Despite the optimistic conclusion to this excerpt (that the Belief Engine is malleable…) it is extremely difficult to stop exercising the magical thinking component of one’s Belief Engine–especially if that magical thinking has been reinforced throughout a lifetime of indoctrination. I remember commenting to one of the other contributors to this blog that very few missionary kids (MKs) escape their parent’s faith. The power of childhood indoctrination, in convincing people that magical thinking is perfectly rational, is unequivocally successful (chillingly so).
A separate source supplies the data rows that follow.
(* The group $\mathsf{Aut}$ of all affine bijections $\mathcal{G}_N\to\mathcal{G}_N$ is finite, and every $\sigma\in\mathsf{Aut}$ is completely determined by its restriction to $\mathcal{I}$.
   Context: $\mathcal{G}_N$ is the set of real symmetric positive semi-definite $N\times N$ matrices with unit diagonal; $\mathcal{I}$ is the set of Ising matrices $\mathbf{s}\mathbf{s}^\top$, $\mathbf{s}\in\{\pm1\}^N$. *)

From HB Require Import structures.
From mathcomp Require Import all_boot all_order all_algebra.
From mathcomp Require Import reals.
Set Implicit Arguments. Unset Strict Implicit. Unset Printing Implicit Defensive.
Import Order.TTheory GRing.Theory Num.Theory.
Local Open Scope ring_scope.

Definition psd (R : realType) (N : nat) (A : 'M[R]_N) : Prop :=
  forall x : 'cV[R]_N, 0 <= (x^T *m A *m x) 0 0.

Definition elliptope (R : realType) (N : nat) (A : 'M[R]_N) : Prop :=
  A^T = A /\ psd A /\ (forall i, A i i = 1).

Definition ising (R : realType) (N : nat) (A : 'M[R]_N) : Prop :=
  exists s : 'cV[R]_N, (forall i, s i 0 = 1 \/ s i 0 = -1) /\ A = s *m s^T.

Definition affine_aut (R : realType) (N : nat) (f : 'M[R]_N -> 'M[R]_N) : Prop :=
  (forall A, elliptope A -> elliptope (f A)) /\
  (forall A B, elliptope A -> elliptope B -> f A = f B -> A = B) /\
  (forall B, elliptope B -> exists2 A, elliptope A & f A = B) /\
  (forall A B (t : R), elliptope A -> elliptope B -> 0 <= t -> t <= 1 ->
     f (t *: A + (1 - t) *: B) = t *: f A + (1 - t) *: f B).

(* Every X in G_N satisfies the affine identity
     X + sum_(k,l) w_kl (J + S_kl)/2 = J + sum_(k,l) w_kl (S_k + S_l)/2,  w_kl = (1 - X_kl)/4 >= 0,
   where J is the all-ones matrix and S_k, S_kl are the Ising matrices of the sign vectors
   flipped at k, resp. at k and l.  After normalising the weights both sides are convex
   combinations, so an affine map on G_N is determined by its values on Ising matrices.
   Finiteness then follows once affine automorphisms map Ising matrices to Ising matrices.
   These are exactly the sharp vertices of G_N, the points B with an affine psi vanishing at B
   such that |Y - B|_1 <= c psi(Y) on G_N: for an Ising matrix s s^T take
   psi(Y) = sum_(k,l) (1 - s_k s_l Y_kl); sharpness is transported by affine automorphisms,
   which are Lipschitz by the identity above; and if |B_ij| < 1, the congruences S B S^T with
   S = 1 + x e_i e_i^T + y e_i e_j^T that stay in G_N trace an ellipse through B along which
   |Y_ij - B_ij| = |x B_ij + y| is dominated by no linear function of (x, y). *)

From HB Require Import structures.
From mathcomp Require Import all_boot all_order all_algebra.
From mathcomp Require Import reals.
From mathcomp Require Import lra ring.
From Stdlib Require Import ClassicalEpsilon.
Import Order.TTheory GRing.Theory Num.Theory.
Set Implicit Arguments. Unset Strict Implicit. Unset Printing Implicit Defensive.
Local Open Scope ring_scope.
However, it probably also succeeds due to social pressure to avoid being seen negatively by one’s friends and family. MKs are members of an exclusive club that rejects all other modes of thinking besides the Evangelical Christian one. Even the pressure to vote for the Republican party (which Evangelicals overwhelmingly consider a Christian political group) on social networks like Facebook is astounding. With Christianity, in-group peer pressure is an especially insidious influence, since the rejection of magical thinking threatens one’s good standing with one’s family and friends. Even those MKs who do have their doubts about a magical, invisible world of spirits and who acknowledge to themselves that they have never heard the voice of an invisible God or witnessed a “miracle” more convincing than a neat coincidence–and certainly never an impressive “miracle” like the regeneration of an entire human limb–are unwilling to risk the negative fallout of exploring alternative frameworks for understanding the world. That fallout might include the gossip of their friends, family, and the extended missionary “family”–I discovered a few days ago that I have become quite a hot topic in some missionary gossip circles–or the grief of their parents who are convinced they will burn in a magical and invisible world of torture (otherwise known as Hell) for all eternity.
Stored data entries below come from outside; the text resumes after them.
Lemma geometric_tail (R : comPzRingType) (c : R) l n : (l <= n)%N ->
  (1 - c) * \sum_(p < l) c ^+ (n - p.+1) = c ^+ (n - l) - c ^+ n.
Proof.
elim: l => [|l IH] hl; first by rewrite big_ord0 subn0 mulr0 subrr.
rewrite big_ord_recr /= mulrDr IH; last by lia.
have -> : (n - l = (n - l.+1).+1)%N by lia.
by rewrite exprS; ring.
Qed.

(* With distinct weights, rank_in S is a bijection from S onto 1..|S|, so any
   function of the rank sums to the same value as over 1..|S|. *)
Lemma sum_over_ranks (T : finType) (R : realFieldType) (V : nmodType)
  (w : T -> R) (f : nat -> V) : injective w ->
  forall S : {set T}, \sum_(i in S) f (rank_in w S i) = \sum_(p < #|S|) f p.+1.
Proof.
move=> w_inj S; move Es : #|S| => s; elim: s S Es => [|s IH] S hS.
  by move/eqP: hS; rewrite cards_eq0 => /eqP ->; rewrite big_set0 big_ord0.
have : (0 < #|S|)%N by rewrite hS.
rewrite card_gt0 => /set0Pn [x xS].
have [k kS maxk] := @arg_maxnP _ x (fun i => i \in S) (rank_in w S) xS.
have lightest j : j \in S -> w k <= w j.
  move=> jS; rewrite leNgt; apply/negP => jk.
  have sb : [set l in S | w k <= w l] \subset [set l in S | w j <= w l] :\ j.
    apply/subsetP => l; rewrite !inE => /andP [-> h].
    rewrite (le_trans (ltW jk) h) !andbT.
    by apply/eqP => e; rewrite e leNgt jk in h.
  have e := cardsD1 j [set l in S | w j <= w l]; rewrite !inE jS lexx /= in e.
  by move: (subset_leq_card sb) e (maxk j jS); rewrite /rank_in; lia.
have rank_k : rank_in w S k = s.+1.
  rewrite /rank_in -hS; apply: eq_card => l; rewrite !inE.
  by case lS : (l \in S); rewrite //= (lightest _ lS).
rewrite (big_setD1 k kS) /= rank_k big_ord_recr /= addrC; congr (_ + _).
have hS' : #|S :\ k| = s by move: (cardsD1 k S); rewrite kS hS; lia.
rewrite -(IH (S :\ k) hS'); apply: eq_bigr => i; rewrite !inE => /andP [ik iS].
congr (f _); rewrite /rank_in; apply: eq_card => l; rewrite !inE.
case: (eqVneq l k) => [->|//]; rewrite kS /=; apply/negP => h.
have /w_inj e : w k = w i by apply/le_anti; rewrite h lightest.
by rewrite e eqxx in ik.
Qed.

(* The mass of a set X holding l elements of L: c^(mu X - l) - c^(mu X), that
   is (1 - c) times the sum of c^(mu X - r) over the ranks r = 1..l. *)
Definition mass (T : finType) (R : realFieldType) (mu : {set T} -> nat)
  (c : R) (L X : {set T}) : R :=
  c ^+ (mu X - #|L :&: X|) - c ^+ mu X.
In my comments to my fellow blogger, I pondered whether those of us who had escaped from the magical and wishful thinking of Christianity and the MK world had something “slightly off” with us. By this, I meant that there must be something in us (besides the devil), or missing in us (besides God), that allowed us to ignore or overcome the pull of the in-group’s pressure. Perhaps a gene got triggered in the womb, something that predisposed us to not giving a damn about the in-group’s opinion, something that caused us to value being true to ourselves above the opinions of our family and peers. We probably wouldn’t have been very successful at passing on our genes in an earlier time in human history. Or, perhaps we would have been the leaders of the tribe. Who knows?